Применение нескольких функций к нескольким столбцам в data.table
Я пытаюсь применить несколько функций к нескольким столбцам data.table
, Пример:
DT <- data.table("a"=1:5,
"b"=2:6,
"c"=3:7)
Допустим, я хочу получить среднее значение и медиану столбцов a
а также b
, Это работает:
stats <- DT[,.(mean_a=mean(a),
median_a=median(a),
mean_b=mean(b),
median_b=median(b))]
Но это слишком повторяется. Есть ли хороший способ добиться аналогичного результата с помощью .SDcols
а также lapply
?
2 ответа
Я обычно делаю это:
my.summary = function(x) list(mean = mean(x), median = median(x))
DT[, unlist(lapply(.SD, my.summary)), .SDcols = c('a', 'b')]
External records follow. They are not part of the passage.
(* Let $\mathbb F=\mathbb F_0(\omega)$ be a degree-$2$ extension field of a field $\mathbb F_0$. Let $M$ be a vertically $5$-connected $\mathbb F$-represented matroid of rank $r$ and let $e$ be a nonloop of $M$ such that $M/\!\!/e\approx M\binom{u_0+\omega v_0}{R}$ for some $u_0,v_0\in\mathbb F_0^{E(M)}$ and $R\in\mathbb F_0^{[r-2]\times E(M)}$. Then there are matrices $P,Q\in\mathbb F_0^{[2]\times E(M)}$ such that $M\approx M\binom{P+\omega Q}{R}$ and either (1) there is a partition $(I,J)$ of $E(M)$ such that $\mathrm{rank}(R[I])+\mathrm{rank}(Q[J])\le 1$, or (2) the matrix $$W^+=\begin{pmatrix} I_2 & 0 & -\omega I_2 & P\\ 0 & I_2 & I_2 & Q\\ 0&0&0&R\end{pmatrix},$$ whose columns are indexed by $S\cup X\cup E(M)$ where the first four columns form a set $S$ and the next two columns form a set $X$ (with rows grouped as $2,2,r-2$), satisfies $\kappa_{M(W^+)}(S\cup X,K)=4$ for every set $K\subseteq E(M)$ with $r_M(K)\ge 4$.
   Context: Represented matroids: an $\mathbb F$-represented matroid on $E$ is a pair $(U,E)$ with $U$ a subspace of $\mathbb F^E$; rank $r(X)=\dim U[X]$ ($U[X]$ the projection to $\mathbb F^X$). For a matrix $A$ with column set $E$, $M(A)=(\mathrm{rowspace}(A),E)$; deletion, contraction (via duality $(U,E)^*=(U^\perp,E)$, $M/X=(M^*\setminus X)^*$) and minors are as usual. $M(A_1)\approx M(A_2)$ means some matrix row-equivalent to $A_1$ is obtained from $A_2$ by scaling columns by nonzero scalars. $[m]=\{1,\dots,m\}$; $A[I]$ is the submatrix on columns $I$; $\binom{X}{Y}$ denotes vertical stacking; $I_k$ is the identity matrix. For a nonloop $e$ of a represented matroid $M$, $M/\!\!/e$ denotes $M'/e'$, where $M'$ is obtained from $M$ by adding an element $e'$ parallel to $e$ (so $E(M/\!\!/e)=E(M)$ and $e$ is a loop of it). $\lambda_M(Z)=r_M(Z)+r_M(E(M)-Z)-r(M)$; for disjoint $A,B$, $\kappa_M(A,B)=\min\{\lambda_M(Z): A\subseteq Z\subseteq E(M)-B\}$. A set $A$ is vertically $k$-separating if $\lambda_M(A)<k$ and $\min(r_M(A),r_M(E(M)-A))\ge k$; $M$ is vertically $k$-connected if it has no vertically $k'$-separating set for any $k'\le k$. *)

From HB Require Import structures.
From mathcomp Require Import all_boot all_order all_algebra all_field.
Set Implicit Arguments. Unset Strict Implicit. Unset Printing Implicit Defensive.
Import GRing.Theory.
Local Open Scope ring_scope.

(* A represented matroid (U, E) with E = 'I_n is given by a matrix A whose
   row space is U; M(A) = (rowspace A, 'I_n). *)

Section RepMatroid.
Variable K : fieldType.

(* projection U[X], realised by zeroing the columns outside X
   (same dimension as the projection to K^X) *)
Definition colrestr m n (A : 'M[K]_(m, n)) (X : {set 'I_n}) : 'M[K]_(m, n) :=
  A *m diag_mx (\row_j (j \in X)%:R).

Definition mrank m n (A : 'M[K]_(m, n)) (X : {set 'I_n}) : nat :=
  \rank (colrestr A X).

Definition mlambda m n (A : 'M[K]_(m, n)) (Z : {set 'I_n}) : nat :=
  (mrank A Z + mrank A (~: Z) - \rank A)%N.

Definition mkappa m n (A : 'M[K]_(m, n)) (S T : {set 'I_n}) : nat :=
  \big[minn/mlambda A S]_(Z : {set 'I_n} | (S \subset Z) && (Z \subset ~: T))
     mlambda A Z.

Definition vert_sep m n (A : 'M[K]_(m, n)) (k : nat) (Z : {set 'I_n}) : Prop :=
  (mlambda A Z < k)%N /\ (k <= minn (mrank A Z) (mrank A (~: Z)))%N.

Definition vert_conn m n (A : 'M[K]_(m, n)) (k : nat) : Prop :=
  forall k' : nat, (k' <= k)%N -> forall Z : {set 'I_n}, ~ vert_sep A k' Z.

Definition nonloop m n (A : 'M[K]_(m, n)) (e : 'I_n) : Prop :=
  mrank A [set e] = 1%N.

(* duality: (U, E)^* = (U^perp, E) *)
Definition dualmx m n (A : 'M[K]_(m, n)) : 'M[K]_n := kermx A^T.

Definition delete_last m n (A : 'M[K]_(m, n.+1)) : 'M[K]_(m, n) :=
  colsub (lift ord_max) A.

(* contraction M / f = (M^* \ f)^*, for f the last element *)
Definition contract_last m n (A : 'M[K]_(m, n.+1)) : 'M[K]_n :=
  dualmx (delete_last (dualmx A)).

Definition par_ext m n (A : 'M[K]_(m, n)) (e : 'I_n) : 'M[K]_(m, n.+1) :=
  \matrix_(i, j) A i (oapp id e (unlift ord_max j)).

Definition pcontract m n (A : 'M[K]_(m, n)) (e : 'I_n) : 'M[K]_n :=
  contract_last (par_ext A e).

Definition mapprox m k n (A1 : 'M[K]_(m, n)) (A2 : 'M[K]_(k, n)) : Prop :=
  exists d : 'rV[K]_n, (forall j, d 0 j != 0) /\ (A1 == A2 *m diag_mx d)%MS.

End RepMatroid.

Section Ext.
Variables (F0 : fieldType) (L : fieldExtType F0).

Definition inj_mx m n (B : 'M[F0]_(m, n)) : 'M[L]_(m, n) := map_mx (fun a => a%:A) B.

Definition stackPQR (w : L) r n (P Q : 'M[F0]_(2, n)) (R : 'M[F0]_(r, n))
  : 'M[L]_(2 + r, n) :=
  col_mx (inj_mx P + w *: inj_mx Q) (inj_mx R).

Definition Wplus (w : L) r n (P Q : 'M[F0]_(2, n)) (R : 'M[F0]_(r, n))
  : 'M[L]_(2 + 2 + r, (4 + 2) + n) :=
  row_mx
    (col_mx (row_mx (1%:M : 'M[L]_(2 + 2))
                    (col_mx ((- w)%:M : 'M[L]_2) (1%:M : 'M[L]_2)))
            (0 : 'M[L]_(r, 4 + 2)))
    (col_mx (col_mx (inj_mx P) (inj_mx Q)) (inj_mx R)).

End Ext.

(* Write L = F0 + F0 w.  Adding one row of A to the given representation of
   M //e yields A ~ (G1; R) with G1 two rows over L, and W^+ is built from the
   F0-coordinates P, Q of G1.  If kappa(S u X, K) < 4 for some K of rank at least
   4, there is Z with S u X in Z and lambda_{W^+}(Z) <= 3.  Its trace Y on E(M)
   then gives lambda_M(Y) <= 3 while E - Y contains K, so by vertical
   5-connectivity E - Y spans M.  On E - Y the row space of (G1; R) has dimension
   r, yet the F0-span of (P; Q; R) there has dimension at most
   r + 1 - rank R[Y]; counting dimensions, the rows of G1 can be rechosen so that
   their w-coordinates on E - Y have rank at most 1 - rank R[Y], which is
   outcome (1) with I = Y. *)

From HB Require Import structures.
From mathcomp Require Import all_boot all_order all_algebra all_field.
From mathcomp Require Import ring zify.
Set Implicit Arguments. Unset Strict Implicit. Unset Printing Implicit Defensive.
Import GRing.Theory.
Local Open Scope ring_scope.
#a.mean a.median b.mean b.median
# 3 3 4 4
Другие ответы показывают, как это сделать, но никто не удосужился объяснить основной принцип. Основное правило заключается в том, что элементы списков возвращаются j
выражения образуют столбцы результирующего data.table
, любой j
выражение, которое создает список, каждый элемент которого соответствует желаемому столбцу в результате, будет работать. Имея это в виду, мы можем использовать
DT[, c(mean = lapply(.SD, mean),
median = lapply(.SD, median)),
.SDcols = c('a', 'b')]
## mean.a mean.b median.a median.b
## 1: 3 4 3 4
или же
DT[, unlist(lapply(.SD,
function(x) list(mean = mean(x),
median = median(x))),
recursive = FALSE),
.SDcols = c('a', 'b')]
## a.mean a.median b.mean b.median
## 1: 3 3 4 4
в зависимости от желаемого заказа.
Важно отметить, что мы можем использовать любой метод, который хотим получить желаемый результат, при условии, что мы упорядочим результат в виде списка, как описано выше. Например,
библиотека (matrixStats)
DT[, c(mean = as.list(colMeans(.SD)),
median = setNames(as.list(colMedians(as.matrix(.SD))), names(.SD))),
.SDcols = c('a', 'b')]
## mean.a mean.b median.a median.b
## 1: 3 4 3 4
тоже работает.
Это немного неуклюже, но делает работу с data.table
:
funcs = c('median', 'mean', 'sum')
m = DT[, lapply(.SD, function(u){
sapply(funcs, function(f) do.call(f,list(u)))
})][, t(.SD)]
colnames(m) = funcs
# median mean sum
#a 3 3 15
#b 4 4 20
#c 5 5 25
Использовать дкаст
DT$dday <- 1 # add a constant column
dt <- dcast(DT, dday~dday, fun=list(sum, mean), value.var = c('a', 'b'))
# dday a_sum_1 b_sum_1 a_mean_1 b_mean_1
# 1 15 20 3 4
Фактически, мы можем использовать dcast для реализации onehot и Feature Engineer.
Это может быть немного перестроено, но если вы пришли из dplyr summarize_at()
вы можете захотеть получить похожий структурированный результат.
Сначала определите функцию lapply_at()
что требует .SD
и вектор символов имен функций в качестве входных данных. Затем вы можете легко вычислить желаемую статистику и получить читаемый результат.
library(data.table)
iris_dt <- as.data.table(iris)
lapply_at <- function(var, funs, ...) {
results <- sapply(var, function(var) {
lapply(funs, do.call, list(var, ...))
})
names(results) <- vapply(names(var), paste, funs, sep = "_",
FUN.VALUE = character(length(funs)),
USE.NAMES = FALSE)
results
}
iris_dt[, lapply_at(.SD, c("mean", "sd"), na.rm = TRUE),
.SDcols = patterns("^Sepal"),
by = Species]
#> Species Sepal.Length_mean Sepal.Length_sd Sepal.Width_mean
#> 1: setosa 5.006 0.3524897 3.428
#> 2: versicolor 5.936 0.5161711 2.770
#> 3: virginica 6.588 0.6358796 2.974
#> Sepal.Width_sd
#> 1: 0.3790644
#> 2: 0.3137983
#> 3: 0.3224966
Создано 03.07.2019 пакетом REPEX (v0.2.0).